Uncertainty about the future of the Trans Pacific Partnership has prompted a former American trade representative to urge the 12 countries involved to go back to the negotiating table.
The best hope for its passage in its present form appears to be if United States President Barack Obama can steer it through Congress in the lame duck session before the new president takes office.
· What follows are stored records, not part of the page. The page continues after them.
Lemma kstep_crossB mu nu x y : is_prob mu -> is_prob nu ->
  l1norm (kstep Pk mu k x \- kstep Pk nu k y) <= 2 * (1 - alpha).
Proof.
by move=> pmu pnu; rewrite -tv_l1normP ?kstep_cross //; apply: kstep_stochastic.
Qed.

Lemma push_kstep_contract nu u v : is_prob nu -> is_prob u -> is_prob v ->
  l1norm (push u (kstep Pk nu k) \- push v (kstep Pk nu k)) <=
  (1 - alpha) * l1norm (u \- v).
Proof.
move=> pnu pu pv; rewrite -[leRHS]addr0 -(mulr0 (1 - l1norm (u \- v) / 2)).
apply: l1norm_push_dobrushin => // [x y|x]; first exact: kstep_crossB.
by rewrite (eq_l1norm (g := fun=> 0)) => [|z /=]; rewrite ?subrr // /l1norm big1 ?normr0.
Qed.

Lemma push_kstep_decay nu u v l : is_prob nu -> is_prob u -> is_prob v ->
  l1norm (push u (kstep Pk nu l) \- push v (kstep Pk nu l)) <=
  (1 - alpha) ^+ (l %/ k) * l1norm (u \- v).
Proof.
rewrite {1 2}(div.divn_eq l k); elim: (l %/ k)%N nu u v => [|q IH] nu u v pnu pu pv.
  rewrite mul0n add0n expr0 mul1r; apply: l1norm_pushB_le.
  exact: kstep_stochastic.
have pflow := flow_prob k pnu.
have [pu' pv'] : is_prob (push u (kstep Pk nu k)) /\ is_prob (push v (kstep Pk nu k)).
  by split; apply: push_prob => //; apply: kstep_stochastic.
rewrite mulSn -addnA (push_kstepD u) (push_kstepD v); apply: le_trans (IH _ _ _ pflow pu' pv') _.
rewrite exprSr -mulrA ler_wpM2l ?exprn_ge0 ?subr_ge0 ?(ltW alpha_lt1) //.
exact: push_kstep_contract.
Qed.

Lemma kstep_cvg_flow nu l x : is_prob nu ->
  l1norm (kstep Pk nu l x \- flow Pk nu l) <= 2 * (1 - alpha) ^+ (l %/ k).
Proof.
move=> pnu; rewrite flow_kstep -[kstep _ _ _ x]push_dirac_mass mulrC.
apply: le_trans (push_kstep_decay l pnu (dirac_mass_prob _ x) pnu) _.
rewrite ler_wpM2l ?exprn_ge0 ?subr_ge0 ?(ltW alpha_lt1) //.
exact: l1normB_le2 (dirac_mass_prob _ x) pnu.
Qed.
The Republican and Democrat contenders - Donald Trump and Hillary Clinton - are opposed to the TPP.
But time is running out.
With influential Republicans demanding concessions before they will back it, a former US trade representative Clayton Yeutter said the TPP will fail in the US unless the other countries make concessions, including accepting longer monopoly protection periods for next generation drugs called biologics.
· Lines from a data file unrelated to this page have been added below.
(* The category of cubes $\overline{\square}$ generated by the maps $\delta_i^\alpha$, $\sigma_i$ and $\gamma_i$ is not shell-complete. In other terms, the inclusion $\overline{\square}\subset\widehat{\square}$ is strict.
   Context: $[0]=\{()\}$, $[n]=\{0,1\}^n$ ($n\ge1$) with the product order; ${\rm PoSet}$ is posets with strictly increasing maps. Face maps $\delta_i^\alpha:[n-1]\to[n]$ insert $\alpha\in\{0,1\}$ at position $i$. For $n\ge2$, $1\le i\le n-1$: the symmetry map $\sigma_i:[n]\to[n]$ swaps coordinates $i$ and $i+1$, and the transverse degeneracy $\gamma_i:[n]\to[n]$ is $(\epsilon_1,\dots,\epsilon_n)\mapsto(\epsilon_1,\dots,\epsilon_{i-1},\max(\epsilon_i,\epsilon_{i+1}),\min(\epsilon_i,\epsilon_{i+1}),\epsilon_{i+2},\dots,\epsilon_n)$. $\overline\square$ is the subcategory of ${\rm PoSet}$ with objects $[n]$, $n\ge0$, generated by all $\delta_i^\alpha,\sigma_i,\gamma_i$. A map is adjacency-preserving if strictly increasing and it sends pairs at Hamming distance $1$ to pairs at Hamming distance $1$; $\widehat\square$ is the category with objects $[n]$ and all adjacency-preserving maps. A category of cubes is a subcategory of ${\rm PoSet}$ with objects $[n]$ containing all face maps and consisting of adjacency-preserving maps. For such $\mathcal A$, with $\mathcal A[p]=\mathcal A(-,[p])$ and $\mathrm{cosk}_1^{\mathcal A}$ the right adjoint of truncation of presheaves on $\mathcal A$ to the full subcategory on $[0],[1]$, $\mathcal A$ is shell-complete if $\mathcal A[p]\to\mathrm{cosk}_1^{\mathcal A}(\mathcal A[p]_{\le1})$ is an isomorphism for all $p\ge2$. (The paper shows $\widehat\square$ is the unique shell-complete category of cubes.) *)

From mathcomp Require Import all_boot.
Set Implicit Arguments. Unset Strict Implicit. Unset Printing Implicit Defensive.

(* The poset [n] = {0,1}^n, as finite functions 'I_n -> bool; [0] has one point. *)
Definition cube (n : nat) := {ffun 'I_n -> bool}.
(* Maps [m] -> [n] (as finite functions, so equality is decidable/extensional). *)
Definition hom (m n : nat) := {ffun cube m -> cube n}.

(* k-th coordinate (0-based), default false out of range *)
Definition coord n (x : cube n) (k : nat) : bool :=
  if @insub nat (fun k => k < n) 'I_n k is Some j then x j else false.
Definition mkcube n (F : nat -> bool) : cube n := [ffun j : 'I_n => F (val j)].

Definition cube_le n (x y : cube n) : bool := [forall j, x j ==> y j].
Definition cube_lt n (x y : cube n) : bool := (x != y) && cube_le x y.
Definition strictly_increasing m n (f : hom m n) : Prop :=
  forall x y, cube_lt x y -> cube_lt (f x) (f y).
Definition hamming n (x y : cube n) : nat := #|[set j | x j != y j]|.
Definition adjacency_preserving m n (f : hom m n) : Prop :=
  strictly_increasing f /\
  (forall x y, hamming x y = 1 -> hamming (f x) (f y) = 1).

Definition idh n : hom n n := [ffun x => x].
Definition comp l m n (g : hom m n) (f : hom l m) : hom l n := [ffun x => g (f x)].

(* Face map delta_{i+1}^a : [n] -> [n+1] (0-based position i, 0 <= i <= n):
   inserts a at position i. *)
Definition delta (n i : nat) (a : bool) : hom n n.+1 :=
  [ffun x => mkcube n.+1 (fun k =>
     if k < i then coord x k else if k == i then a else coord x k.-1)].
(* Symmetry sigma_{k+1} : [n] -> [n] (0-based, k+1 < n): swaps coords k, k+1. *)
Definition sigma (n k : nat) : hom n n :=
  [ffun x => mkcube n (fun j =>
     if j == k then coord x k.+1 else if j == k.+1 then coord x k else coord x j)].
(* Transverse degeneracy gamma_{k+1} : [n] -> [n] (0-based, k+1 < n). *)
Definition gamma (n k : nat) : hom n n :=
  [ffun x => mkcube n (fun j =>
     if j == k then coord x k || coord x k.+1
     else if j == k.+1 then coord x k && coord x k.+1 else coord x j)].

Inductive cubebar : forall m n : nat, hom m n -> Prop :=
| cb_id n : cubebar (idh n)
| cb_comp l m n (g : hom m n) (f : hom l m) :
    cubebar g -> cubebar f -> cubebar (comp g f)
| cb_delta n i a : i <= n -> cubebar (delta n i a)
| cb_sigma n k : k.+1 < n -> cubebar (sigma n k)
| cb_gamma n k : k.+1 < n -> cubebar (gamma n k).

(* A morphism g : A[n]_{<=1} -> A[p]_{<=1} of presheaves on the full subcategory
   on [0],[1] is given by components g k (k = 0, 1), natural w.r.t. all maps of A
   between [0],[1].  (Only values on A-maps matter.) *)
Definition shell_transf (A : forall m n, hom m n -> Prop) (n p : nat)
    (g : forall k, hom k n -> hom k p) : Prop :=
  (forall k (u : hom k n), k <= 1 -> A k n u -> A k p (g k u)) /\
  (forall j k (e : hom j k) (u : hom k n), j <= 1 -> k <= 1 ->
     A j k e -> A k n u -> g j (comp u e) = comp (g k u) e).

(* A[p] -> cosk_1(A[p]_{<=1}) is an isomorphism: at every level [n], the map
   f |-> (u |-> f o u) from A([n],[p]) to shell morphisms is bijective. *)
Definition shell_complete (A : forall m n, hom m n -> Prop) : Prop :=
  forall p n, 2 <= p ->
    (forall f f' : hom n p, A n p f -> A n p f' ->
       (forall k (u : hom k n), k <= 1 -> A k n u -> comp f u = comp f' u) ->
       f = f') /\
    (forall g : forall k, hom k n -> hom k p, @shell_transf A n p g ->
       exists2 f : hom n p, A n p f &
         forall k (u : hom k n), k <= 1 -> A k n u -> g k u = comp f u).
"I think it will be a relatively confined negotiation but I do believe it has to happen or the votes will not be there."
Mr Yeutter said New Zealand could, in turn, push for greater dairy access.
Dairy Companies Association of New Zealand chairman Malcolm Bailey said while he would like better access in what was a disappointing outcome for the dairy industry, he feared reopening the TPP would lead to the deal unravelling completely.
"That in effect could take you back to the start line.
"Every player could say ''e want to undo some of this and have another go'. And the timeline on that extends to who knows what. So we believe it's best to just box on with what has been negotiated," Mr Bailey said.
The New Zealand government is standing firm.
"All TPP signatories, including the United States, have been clear that the agreement is not open to re-negotiation. TPP reflects a carefully-balanced outcome that will deliver economic benefit for each and every member. I see no reason for New Zealand to change its position," said Trade Minister Todd McClay.
New Zealand is also part of talks to secure an Asian trade deal - the Regional Comprehensive Economic Partnership - that includes China, but not the US.
Mr Yeutter worries that the US risks handing China the initiative in setting future trade rules.
"In my view, it would set the US back enormously and obviously work for the benefit of China.
"A lot of the Asian countries would immediately say to themselves what are we going to have to do to get along with China? Do we need to join with them in a trade agreement?" Mr Yeutter said.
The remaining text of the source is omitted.